AI Helps General Radiologists Achieve Specialist-Level Performance in Interpreting Mammograms – Radiography

Image: Saige-DX is a custom-built categorical AI system designed to assist in breast cancer screening (Photo courtesy of DeepHealth)

Breast cancer, affecting one in eight women during their lifetimes, becomes far more treatable when detected early. The five-year relative survival rate for stage 1 breast cancer is an encouraging 99%, highlighting the importance of early detection. Now, groundbreaking research reveals that an advanced artificial intelligence (AI) technology, designed for mammography, can significantly enhance the early detection and diagnosis of breast cancer by enabling general radiologists to perform at the level of specialists.

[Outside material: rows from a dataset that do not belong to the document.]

Theorem theorem5p19 (R : realType) (d m s : nat) (C : 'M[R]_d)
    (lam : 'I_s -> R) (v0 : 'I_s -> 'I_d -> R) (D0 : tensor R d)
    (D : R -> tensor R d) (v : 'I_s -> R -> 'I_d -> R) :
  conditionA C ->
  (1 <= m)%N ->
  symtensor m D0 ->
  D0 = decomp m lam v0 ->
  has_symrank m D0 s ->
  (* D(t), t >= 0, solves the tensor ODE with D(0) = D0 *)
  (forall t : R, 0 <= t -> symtensor m (D t)) ->
  D 0 = D0 ->
  (forall a : mindex d, in_S m a ->
     (forall t : R, 0 < t ->
        is_derive t 1 (fun u : R => tcoord (D u) a) (tens_rhs C (D t) a)) /\
     (tcoord (D x) a @[x --> (0:R)^'+] --> tcoord D0 a)) ->
  (* v_k(t) solves dv_k/dt = - C v_k, v_k(0) = v_k *)
  (forall k, v k 0 = v0 k) ->
  (forall k (i : 'I_d),
     (forall t : R, 0 < t ->
        is_derive t 1 (fun u : R => v k u i) (vec_rhs C (v k t) i)) /\
     (v k x i @[x --> (0:R)^'+] --> v k 0 i)) ->
  forall t : R, 0 < t ->
    D t = decomp m lam (fun k => v k t) /\ has_symrank m (D t) s.
Proof.
move=> _ _ _ -> rank0 symD _ solD v_0 solv t t0.
have solv0 k : solves_vec_ode C (v k) (v0 k) by rewrite -v_0; exact: solv.
have Dt : D t = decomp m lam (fun k => v k t).
  apply: (tensor_ode_unique _ _ solD (solves_tensor_ode_decomp (m := m) lam solv0) t0).
  - by move=> u u0; exact: symD (ltW u0).
  - by move=> u _; exact: decomp_symtensor.
by rewrite Dt; split => //; exact: has_symrank_flow.
Qed.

DeepHealth’s (Los Angeles, CA, USA) Saige-Dx is a custom-built categorical AI system that automatically spots suspicious lesions in mammograms, assigning a level of suspicion to each finding and the entire case. In a pivotal study conducted by DeepHealth, the interpretative skills of 18 physicians, including both breast specialists and general radiologists, were evaluated. The researchers analyzed 240 retrospectively gathered digital breast tomosynthesis scans for cancer indicators. Utilizing Saige-DX, each radiologist demonstrated an enhanced ability to interpret mammograms. Their average diagnostic accuracy, measured by the area under the receiver operating characteristic curve, improved from 0.87 to 0.93 with the aid of AI.

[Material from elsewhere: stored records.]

(* Let $\Theta$ be a parameter space, $L(\boldsymbol{\theta}\mid D)$, $L(\boldsymbol{\theta}\mid D_0)$ likelihoods of the current and historical data, $\xi\in[0,1]$, $\alpha\in(-1,\infty)$, $z=(1+\alpha)/2$, and let $\pi_0,\tilde\pi_0$ be two baseline prior densities. Let $g^*$ (resp. $\tilde g^*$) be the generalized power posterior with baseline prior $\pi_0$ (resp. $\tilde\pi_0$): $$g^*(\boldsymbol{\theta})\propto\{(1-\xi)p_0(\boldsymbol{\theta})^z+\xi p_1(\boldsymbol{\theta})^z\}^{1/z},\quad p_0=L(\cdot\mid D)\pi_0,\ p_1=L(\cdot\mid D)L(\cdot\mid D_0)\pi_0,$$ and $\tilde g^*$ defined likewise with $\tilde\pi_0$ in place of $\pi_0$. Assume there is a measurable $\mathcal{A}\subset\Theta$ with $\pi_0(\mathcal{A})=\tilde\pi_0(\mathcal{A})=1$ and constants $0<m_L\le1\le M_L<\infty$ such that $m_L\le L(\boldsymbol{\theta}\mid D)\le M_L$ and $m_L\le L(\boldsymbol{\theta}\mid D_0)\le M_L$ for all $\boldsymbol{\theta}\in\mathcal{A}$, and constants $0<m_\pi\le1\le M_\pi$ with $m_\pi\le\pi_0(\boldsymbol{\theta})\le M_\pi$ and $m_\pi\le\tilde\pi_0(\boldsymbol{\theta})\le M_\pi$ for all $\boldsymbol{\theta}\in\Theta$. Then there exists a function $\alpha\mapsto K(\alpha)$ on $(-1,\infty)$ such that $$d_{\mathrm{TV}}(g^*,\tilde g^* )\le K(\alpha)\,d_{\mathrm{TV}}(\pi_0,\tilde\pi_0).$$
   Context: $d_{\mathrm{TV}}(p,q)=\frac12\int_\Theta|p(\boldsymbol{\theta})-q(\boldsymbol{\theta})|d\boldsymbol{\theta}$. *)

From HB Require Import structures.
From mathcomp Require Import all_boot all_order all_algebra.
From mathcomp Require Import all_classical all_reals all_analysis.
Set Implicit Arguments. Unset Strict Implicit. Unset Printing Implicit Defensive.
Import Order.TTheory GRing.Theory Num.Theory.
Local Open Scope ring_scope.
Local Open Scope ereal_scope.

Section Defs.
Context (d : measure_display) (T : measurableType d) (R : realType).
Variable mu : {measure set T -> \bar R}.

Definition gpp_unnorm (xi z : R) (LD LD0 pi0 : T -> R) (x : T) : R :=
  ((1 - xi) * (LD x * pi0 x) `^ z + xi * (LD x * LD0 x * pi0 x) `^ z) `^ (z^-1).

Definition normalize (f : T -> R) (x : T) : R :=
  f x / fine (\int[mu]_y (f y)%:E).

Definition gpp (xi alpha : R) (LD LD0 pi0 : T -> R) : T -> R :=
  normalize (gpp_unnorm xi ((1 + alpha) / 2) LD LD0 pi0).

Definition dTV (p q : T -> R) : \bar R :=
  (2^-1)%:E * \int[mu]_x (`|p x - q x|)%:E.

Definition is_density (p : T -> R) : Prop :=
  measurable_fun setT p /\ (forall x, (0 <= p x)%R) /\ \int[mu]_x (p x)%:E = 1.
End Defs.

(* The unnormalised power posterior is w * pi0, where, by homogeneity of the power
   mean, w is the weighted power mean of L(.|D) and L(.|D) L(.|D0); hence
   mL^2 <= w <= ML^2 on A, and A is co-null because pi0 >= mpi > 0 and pi0(A) = 1.
   For tilts w p, w q of masses c, c' one has
   |w p / c - w q / c'| <= w |p - q| / c + |1/c - 1/c'| w q  and  |c - c'| <= int w |p - q|,
   so the total variation distance of the normalised tilts is at most
   (1/c) int w |p - q| <= (ML^2 / mL^2) int |p - q|, i.e. K = 2 ML^2 / mL^2. *)

From HB Require Import structures.
From mathcomp Require Import all_boot all_order all_algebra.
From mathcomp Require Import all_classical all_reals all_analysis.
From mathcomp Require Import ring lra measurable_realfun.
Import Order.TTheory GRing.Theory Num.Theory.
Local Open Scope ring_scope.

Section PowerMean.
Context {R : realType}.
Implicit Types xi z a b c lo hi : R.

Definition power_mean2 xi z a b : R := ((1 - xi) * a `^ z + xi * b `^ z) `^ z^-1.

The improvement was significant in both groups of radiologists, with generalists adding 0.08 to their accuracy score and specialists improving by 0.05. This enhanced performance was consistent across various cancer characteristics, such as lesion type and size, and across patient subgroups, including different races and ethnicities, ages, and breast densities. The researchers attribute this success to the AI system’s design, which specifically addresses challenging cases. The algorithm was trained using a dataset that included cancers previously missed in clinical settings by radiologists. Furthermore, Saige-Dx’s minimal use of “bounding boxes” for marking breast images likely prevented radiologists from being overwhelmed by excessive markings, a common issue with less precise computer-aided diagnostic tools.

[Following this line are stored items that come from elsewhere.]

(* There exist a complex vector field $B=(B_1,B_2)$ on $\mathbb{T}^2\times\mathbb{R}^+$ with values in $\mathbb{C}^2$, continuous and uniformly bounded, and a non-zero, uniformly $C^2$, complex-valued function $u$ on $\mathbb{T}^2\times\mathbb{R}^+$ such that $$\dot u=\Delta u+B\cdot\nabla u=\partial_x^2u+\partial_y^2u+B_1\partial_xu+B_2\partial_yu\quad\text{in }\mathbb{T}^2\times\mathbb{R}^+,$$ and $u$ has double exponential decay: there is a numerical constant $c>0$ such that for all sufficiently large $T$, $$\sup_{\mathbb{T}^2\times\{t\ge T\}}|u(x,y,t)|\le e^{-ce^{cT}}.$$
   Context: $\mathbb{T}^2=(\mathbb{R}/2\pi\mathbb{Z})^2$ with coordinates $(x,y)$; $t\ge0$ is the third coordinate. $\dot u=\partial_tu$; $\Delta$ and $\nabla$ involve only the spatial variables $(x,y)$. Uniformly $C^2$ means all partial derivatives in $(x,y,t)$ of order at most $2$ are continuous and bounded. *)

From Stdlib Require Import Reals.
From Coquelicot Require Import Coquelicot.
Open Scope R_scope.

(* A function on R^3 = (x,y,t), complex valued. Points of T^2 x [0,oo) are
   represented by (x,y,t) with t >= 0 and periodicity in x and y. *)
Definition fun3 := R -> R -> R -> C.

Definition line (i : nat) (f : fun3) (x y t : R) : R -> C :=
  match i with
  | O => fun s => f s y t
  | S O => fun s => f x s t
  | _ => fun s => f x y s
  end.

Definition coord (i : nat) (x y t : R) : R :=
  match i with O => x | S O => y | _ => t end.

Definition is_partial (i : nat) (f g : fun3) : Prop :=
  forall x y t : R, is_derive (line i f x y t) (coord i x y t) (g x y t).

Definition cont3 (f : fun3) : Prop :=
  forall x y t : R,
    continuous (fun p : R * R * R => f (fst (fst p)) (snd (fst p)) (snd p)) (x, y, t).

Definition bounded_half (f : fun3) : Prop :=
  exists M : R, forall x y t : R, 0 <= t -> Cmod (f x y t) <= M.

Definition periodic2 (f : fun3) : Prop :=
  forall x y t : R, f (x + 2 * PI) y t = f x y t /\ f x (y + 2 * PI) t = f x y t.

“The mean performance of general radiologists with AI exceeded that of breast imaging specialists unaided by AI, suggesting that the AI software could help patients receive specialist-level interpretations for their screening mammogram even if interpreted by a general radiologist,” the researchers noted. “The benefits of using AI are not limited to generalists, as specialists also showed improved performance.”

“In conclusion, our results show that general radiologists may achieve specialist-level performance when interpreting screening DBT mammograms with the aid of AI and that specialists can achieve even higher performance (increased sensitivity and specificity) in a diverse population across multiple cancer types,” stated Jiye G. Kim, PhD, DeepHealth’s director of clinical studies.